Как бы то ни было, предложение Бен-Гуриона очень меня обрадовало. Наконец-то я буду жить там, где хочу, делать то, что я больше всего хочу, притом на этот раз - то, что я по-настоящему умею. Конечно, ни я, ни другие члены правительства еще не знали, что, собственно, входит в юрисдикцию министерства труда. Но более благодарной и конструктивной работы, чем эта, в которую, кроме всего прочего, во всяком случае, входило трудоустройство и расселение сотен тысяч эмигрантов, которые уже начали приезжать в Израиль, я и представить себе не могла.

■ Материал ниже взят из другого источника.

(* Let $\{\mathcal A_i\}_{i\ge1}$ be C*-algebras, $\alpha_1:\mathcal A_1\to\mathcal A_1$ a $*$-homomorphism, and $\beta_i:\mathcal A_i\to\mathcal A_{i+1}$ ($i\ge1$) $*$-isomorphisms. Define $\alpha_i:=\beta_{i-1}\circ\alpha_{i-1}\circ\beta_{i-1}^{-1}:\mathcal A_i\to\mathcal A_i$ for $i\ge2$, and $\varphi_i:=\beta_i\circ\alpha_i:\mathcal A_i\to\mathcal A_{i+1}$ for $i\ge1$. Then $\varphi_i=\alpha_{i+1}\circ\beta_i$ for all $i\ge1$, and the diagram consisting of the horizontal maps $\varphi_i$ (in two rows), the vertical maps $\alpha_i$ and the diagonal maps $\beta_i$ (from the $i$-th entry of the lower row to the $(i+1)$-th entry of the upper row) commutes; in particular $\varphi_i\circ\alpha_i=\alpha_{i+1}\circ\varphi_i$. Moreover, letting $\mathcal A_\infty$ be the inductive limit of $\mathcal A_1\xrightarrow{\varphi_1}\mathcal A_2\xrightarrow{\varphi_2}\cdots$ with canonical maps $\varphi_{\infty i}:\mathcal A_i\to\mathcal A_\infty$, the maps $\{\alpha_i\}$ and $\{\beta_i\}$ induce $*$-homomorphisms $\alpha_\infty,\beta_\infty:\mathcal A_\infty\to\mathcal A_\infty$, determined by $\alpha_\infty(\varphi_{\infty i}(a))=\varphi_{\infty i}(\alpha_i(a))$ and $\beta_\infty(\varphi_{\infty i}(a))=\varphi_{\infty,i+1}(\beta_i(a))$, which are inverses of each other. *)

From HB Require Import structures.
From mathcomp Require Import all_boot all_order all_algebra.
From mathcomp Require Import complex.
From mathcomp Require Import reals.
Set Implicit Arguments. Unset Strict Implicit. Unset Printing Implicit Defensive.
Import Order.TTheory GRing.Theory Num.Theory.
Local Open Scope ring_scope.

Record CstarAlg (R : realType) := {
  ca_sort :> lmodType (complex R);
  ca_mul : ca_sort -> ca_sort -> ca_sort;
  ca_star : ca_sort -> ca_sort;
  ca_norm : ca_sort -> R;
  ca_mulA : forall x y z, ca_mul x (ca_mul y z) = ca_mul (ca_mul x y) z;
  ca_mulDl : forall x y z, ca_mul (x + y) z = ca_mul x z + ca_mul y z;
  ca_mulDr : forall x y z, ca_mul x (y + z) = ca_mul x y + ca_mul x z;
  ca_mulZl : forall (a : complex R) x y, ca_mul (a *: x) y = a *: ca_mul x y;
  ca_mulZr : forall (a : complex R) x y, ca_mul x (a *: y) = a *: ca_mul x y;
  ca_starK : forall x, ca_star (ca_star x) = x;
  ca_starD : forall x y, ca_star (x + y) = ca_star x + ca_star y;
  ca_starZ : forall (a : complex R) x, ca_star (a *: x) = (a^*)%C *: ca_star x;
  ca_starM : forall x y, ca_star (ca_mul x y) = ca_mul (ca_star y) (ca_star x);
  ca_norm_ge0 : forall x, 0 <= ca_norm x;
  ca_norm_eq0 : forall x, ca_norm x = 0 -> x = 0;
  ca_normD : forall x y, ca_norm (x + y) <= ca_norm x + ca_norm y;
  ca_normZ : forall (a : complex R) x, ((ca_norm (a *: x))%:C)%C = `|a| * ((ca_norm x)%:C)%C;
  ca_normM : forall x y, ca_norm (ca_mul x y) <= ca_norm x * ca_norm y;
  ca_cstar : forall x, ca_norm (ca_mul (ca_star x) x) = ca_norm x ^+ 2;
  ca_complete : forall u : nat -> ca_sort,
    (forall e : R, 0 < e -> exists N, forall m n, (N <= m)%N -> (N <= n)%N ->
        ca_norm (u m - u n) < e) ->
    exists l, forall e : R, 0 < e -> exists N, forall n, (N <= n)%N ->
        ca_norm (u n - l) < e
}.

Definition star_hom (R : realType) (A B : CstarAlg R) (f : A -> B) : Prop :=
  [/\ forall x y, f (x + y) = f x + f y,
      forall (a : complex R) x, f (a *: x) = a *: f x,
      forall x y, f (ca_mul x y) = ca_mul (f x) (f y)
    & forall x, f (ca_star x) = ca_star (f x)].

Definition star_iso (R : realType) (A B : CstarAlg R) (f : A -> B) (g : B -> A) : Prop :=
  [/\ star_hom f, cancel f g & cancel g f].

Definition is_inductive_limit (R : realType) (A : nat -> CstarAlg R)
    (phi : forall i, A i -> A i.+1) (Ainf : CstarAlg R)
    (phiinf : forall i, A i -> Ainf) : Prop :=
  [/\ forall i, star_hom (phiinf i),
      forall i x, phiinf i.+1 (phi i x) = phiinf i x
    & forall (B : CstarAlg R) (psi : forall i, A i -> B),
        (forall i, star_hom (psi i)) ->
        (forall i x, psi i.+1 (phi i x) = psi i x) ->
        exists lam : Ainf -> B,
          [/\ star_hom lam, forall i x, lam (phiinf i x) = psi i x
            & forall lam' : Ainf -> B, star_hom lam' ->
                (forall i x, lam' (phiinf i x) = psi i x) ->
                forall y, lam' y = lam y]].

(* alpha_1 = a1, alpha_{i+1} = beta_i o alpha_i o beta_i^{-1} (0-based indices). *)
Fixpoint alpha_seq (R : realType) (A : nat -> CstarAlg R)
    (a1 : A 0 -> A 0) (beta : forall i, A i -> A i.+1)
    (betainv : forall i, A i.+1 -> A i) (i : nat) : A i -> A i :=
  match i return A i -> A i with
  | 0 => a1
  | j.+1 => fun x => beta j (@alpha_seq R A a1 beta betainv j (betainv j x))
  end.
Arguments alpha_seq {R A} a1 beta betainv i _.

Definition phi_seq (R : realType) (A : nat -> CstarAlg R)
    (a1 : A 0 -> A 0) (beta : forall i, A i -> A i.+1)
    (betainv : forall i, A i.+1 -> A i) (i : nat) : A i -> A i.+1 :=
  fun x => beta i (alpha_seq a1 beta betainv i x).
Arguments phi_seq {R A} a1 beta betainv i _.

From HB Require Import structures.
From mathcomp Require Import all_boot all_order all_algebra.
From mathcomp Require Import complex reals.

(** Conjugating by the isomorphisms makes [beta_i] intertwine [alpha_i] and
    [alpha_(i+1)], hence also [phi_i] and [phi_(i+1)].  So [{alpha_i}] and
    [{beta_i}] are morphisms of the inductive system and induce [alpha_inf]
    and [beta_inf] on the limit; both composites are then *-endomorphisms of
    the limit that fix every [phi_inf i (x)], so they are the identity by the
    uniqueness part of the universal property. *)

Section StarHom.
Context {R : realType}.

Lemma star_hom_id {A : CstarAlg R} : star_hom (fun x : A => x).
Proof. by split. Qed.

Lemma star_hom_comp {A B C : CstarAlg R} {f : A -> B} {g : B -> C} :
  star_hom f -> star_hom g -> star_hom (fun x => g (f x)).
Proof.
by move=> [fD fZ fM fJ] [gD gZ gM gJ]; split=> *; rewrite ?fD ?gD ?fZ ?gZ ?fM ?gM ?fJ ?gJ.
Qed.

Lemma star_iso_hom {A B : CstarAlg R} {f : A -> B} {g : B -> A} :
  star_iso f g -> star_hom f.
Proof. by case. Qed.

Lemma star_iso_hom_inv {A B : CstarAlg R} {f : A -> B} {g : B -> A} :
  star_iso f g -> star_hom g.
Proof.
move=> [[fD fZ fM fJ] fK gK]; split.
- by move=> x y; rewrite -{1}(gK x) -{1}(gK y) -fD fK.
- by move=> a x; rewrite -{1}(gK x) -fZ fK.
- by move=> x y; rewrite -{1}(gK x) -{1}(gK y) -fM fK.
- by move=> x; rewrite -{1}(gK x) -fJ fK.
Qed.

End StarHom.

Section InductiveLimit.
Context {R : realType} {A : nat -> CstarAlg R} {phi : forall i, A i -> A i.+1}.
Context {Ainf : CstarAlg R} {phiinf : forall i, A i -> Ainf}.
Hypothesis hlim : is_inductive_limit phi phiinf.

Lemma inductive_limit_hom i : star_hom (phiinf i).
Proof. by case: hlim. Qed.

Lemma inductive_limit_compat i x : phiinf i.+1 (phi i x) = phiinf i x.
Proof. by case: hlim. Qed.

Lemma inductive_limit_lift {B : CstarAlg R} {psi : forall i, A i -> B} :
    (forall i, star_hom (psi i)) -> (forall i x, psi i.+1 (phi i x) = psi i x) ->
  exists lam : Ainf -> B, star_hom lam /\ forall i x, lam (phiinf i x) = psi i x.
Proof.
move=> psi_hom psi_compat; case: hlim => _ _ /(_ B psi psi_hom psi_compat).
by case=> lam [lam_hom lamE _]; exists lam.
Qed.

Lemma inductive_limit_hom_ext {B : CstarAlg R} {f g : Ainf -> B} :
    star_hom f -> star_hom g -> (forall i x, f (phiinf i x) = g (phiinf i x)) ->
  f =1 g.
Proof.
move=> f_hom g_hom fgE.
have g_compat i x : g (phiinf i.+1 (phi i x)) = g (phiinf i x).
  by rewrite inductive_limit_compat.
case: hlim => _ _ /(_ B _ (fun i => star_hom_comp (inductive_limit_hom i) g_hom) g_compat).
case=> lam [_ _ lam_uniq] y.
by rewrite (lam_uniq f f_hom fgE) (lam_uniq g g_hom).
Qed.

Lemma inductive_limit_endo {h : forall i, A i -> A i} :
    (forall i, star_hom (h i)) -> (forall i x, phi i (h i x) = h i.+1 (phi i x)) ->
  exists hinf : Ainf -> Ainf,
    star_hom hinf /\ forall i x, hinf (phiinf i x) = phiinf i (h i x).
Proof.
move=> h_hom h_phi; apply: inductive_limit_lift => [i|i x].
  exact: star_hom_comp (h_hom i) (inductive_limit_hom i).
by rewrite -h_phi inductive_limit_compat.
Qed.

Lemma inductive_limit_shift {g : forall i, A i -> A i.+1} :
    (forall i, star_hom (g i)) -> (forall i x, phi i.+1 (g i x) = g i.+1 (phi i x)) ->
  exists ginf : Ainf -> Ainf,
    star_hom ginf /\ forall i x, ginf (phiinf i x) = phiinf i.+1 (g i x).
Proof.
move=> g_hom g_phi; apply: inductive_limit_lift => [i|i x].
  exact: star_hom_comp (g_hom i) (inductive_limit_hom i.+1).
by rewrite -g_phi inductive_limit_compat.
Qed.

End InductiveLimit.

Section ConjugateSequence.
Context {R : realType} {A : nat -> CstarAlg R}.
Context {a1 : A 0 -> A 0} {beta : forall i, A i -> A i.+1}.
Context {betainv : forall i, A i.+1 -> A i}.
Hypothesis betaK : forall i, cancel (beta i) (betainv i).

Local Notation alpha := (alpha_seq a1 beta betainv).
Local Notation phi := (phi_seq a1 beta betainv).

Lemma alpha_seqS_beta i x : alpha i.+1 (beta i x) = beta i (alpha i x).
Proof. by rewrite /= betaK. Qed.

Lemma phi_seq_alpha i x : phi i (alpha i x) = alpha i.+1 (phi i x).
Proof. by rewrite /phi_seq alpha_seqS_beta. Qed.

Lemma phi_seq_beta i x : phi i.+1 (beta i x) = beta i.+1 (phi i x).
Proof. by rewrite /phi_seq alpha_seqS_beta. Qed.

Lemma alpha_seq_star_hom :
  star_hom a1 -> (forall i, star_iso (beta i) (betainv i)) ->
  forall i, star_hom (alpha i).
Proof.
move=> a1_hom beta_iso; elim=> [//|i IH] /=.
apply: star_hom_comp (star_iso_hom (beta_iso i)).
exact: star_hom_comp (star_iso_hom_inv (beta_iso i)) IH.
Qed.

End ConjugateSequence.

Theorem proposition4p1 (R : realType) (A : nat -> CstarAlg R)
    (a1 : A 0 -> A 0) (beta : forall i, A i -> A i.+1)
    (betainv : forall i, A i.+1 -> A i)
    (ha1 : star_hom a1)
    (hbeta : forall i, star_iso (beta i) (betainv i))
    (Ainf : CstarAlg R) (phiinf : forall i, A i -> Ainf)
    (hlim : is_inductive_limit (phi_seq a1 beta betainv) phiinf) :
  let alpha := alpha_seq a1 beta betainv in
  let phi := phi_seq a1 beta betainv in
  (* phi_i = alpha_{i+1} o beta_i *)
  (forall i x, phi i x = alpha i.+1 (beta i x)) /\
  (* commutativity of the diagram *)
  (forall i x, phi i x = beta i (alpha i x)) /\
  (forall i x, phi i (alpha i x) = alpha i.+1 (phi i x)) /\
  (* induced maps on the inductive limit *)
  exists alphainf betainf : Ainf -> Ainf,
    [/\ star_hom alphainf /\ star_hom betainf,
        (forall i x, alphainf (phiinf i x) = phiinf i (alpha i x)) /\
        (forall i x, betainf (phiinf i x) = phiinf i.+1 (beta i x)),
        (forall f : Ainf -> Ainf, star_hom f ->
           (forall i x, f (phiinf i x) = phiinf i (alpha i x)) ->
           forall y, f y = alphainf y),
        (forall f : Ainf -> Ainf, star_hom f ->
           (forall i x, f (phiinf i x) = phiinf i.+1 (beta i x)) ->
           forall y, f y = betainf y)
      & cancel alphainf betainf /\ cancel betainf alphainf].
Proof.
move=> alpha phi; rewrite {}/alpha {}/phi.
have betaK i : cancel (beta i) (betainv i) by case: (hbeta i).
have alphaSE := alpha_seqS_beta (a1 := a1) betaK.
have phiE i x : beta i (alpha_seq a1 beta betainv i x) = phi_seq a1 beta betainv i x
  := erefl.
have [alphainf [alphainf_hom alphainfE]] :=
  inductive_limit_endo hlim (alpha_seq_star_hom ha1 hbeta) (phi_seq_alpha betaK).
have [betainf [betainf_hom betainfE]] :=
  inductive_limit_shift hlim (fun i => star_iso_hom (hbeta i)) (phi_seq_beta betaK).
split; first by move=> i x; rewrite alphaSE.
do 2!split=> //; first exact: phi_seq_alpha.
exists alphainf, betainf; split=> //.
- move=> f f_hom fE; apply: (inductive_limit_hom_ext hlim f_hom alphainf_hom).
  by move=> i x; rewrite fE alphainfE.
- move=> f f_hom fE; apply: (inductive_limit_hom_ext hlim f_hom betainf_hom).
  by move=> i x; rewrite fE betainfE.
split.
- apply: (inductive_limit_hom_ext hlim (star_hom_comp alphainf_hom betainf_hom) star_hom_id).
  by move=> i x; rewrite alphainfE betainfE phiE (inductive_limit_compat hlim).
- apply: (inductive_limit_hom_ext hlim (star_hom_comp betainf_hom alphainf_hom) star_hom_id).
  by move=> i x; rewrite betainfE alphainfE alphaSE phiE (inductive_limit_compat hlim).
Qed.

Я сейчас же, ни минуты не колеблясь, дала Бен-Гуриону согласие и никогда об этом не пожалела. Те семь лет, что я была министром труда, были, без сомнения, самым счастливым временем моей жизни. Эта работа приносила мне глубокое удовлетворение. Но перед тем, как окунуться в эту работу, я должна была вернуться в Москву еще на несколько недель. И очень скоро благотворное влияние путешествия домой сошло на нет. Явное социальное неравенство, общий страх, изоляция, в которой пребывал дипломатический корпус, - все это угнетало меня неимоверно, и к этому присоединялось чувство вины, что я-то скоро уеду, а Намир, Левави и все прочие останутся. Сарра и Зехария очень хотели уехать, как и Лу, но им предстояло провести в посольстве еще несколько месяцев. У меня началась серия прощальных приемов. Я простилась с немногими советскими официальными лицами, лично мне известными. Эти люди всегда были вежливы и, в девяти случаях из десяти, всегда уклончивы, отвечая на наши запросы. Однако с нами обходились не хуже (если не лучше), чем с другими дипломатическими миссиями и, как и те, мы постепенно привыкли к полному отсутствию утвердительных ответов - да и ответов вообще. Конечно, больше всего мне хотелось сказать евреям не "прощайте", а "до свидания", но почти никто не отважился появляться в посольстве, да и в синагоге больше не было толпы.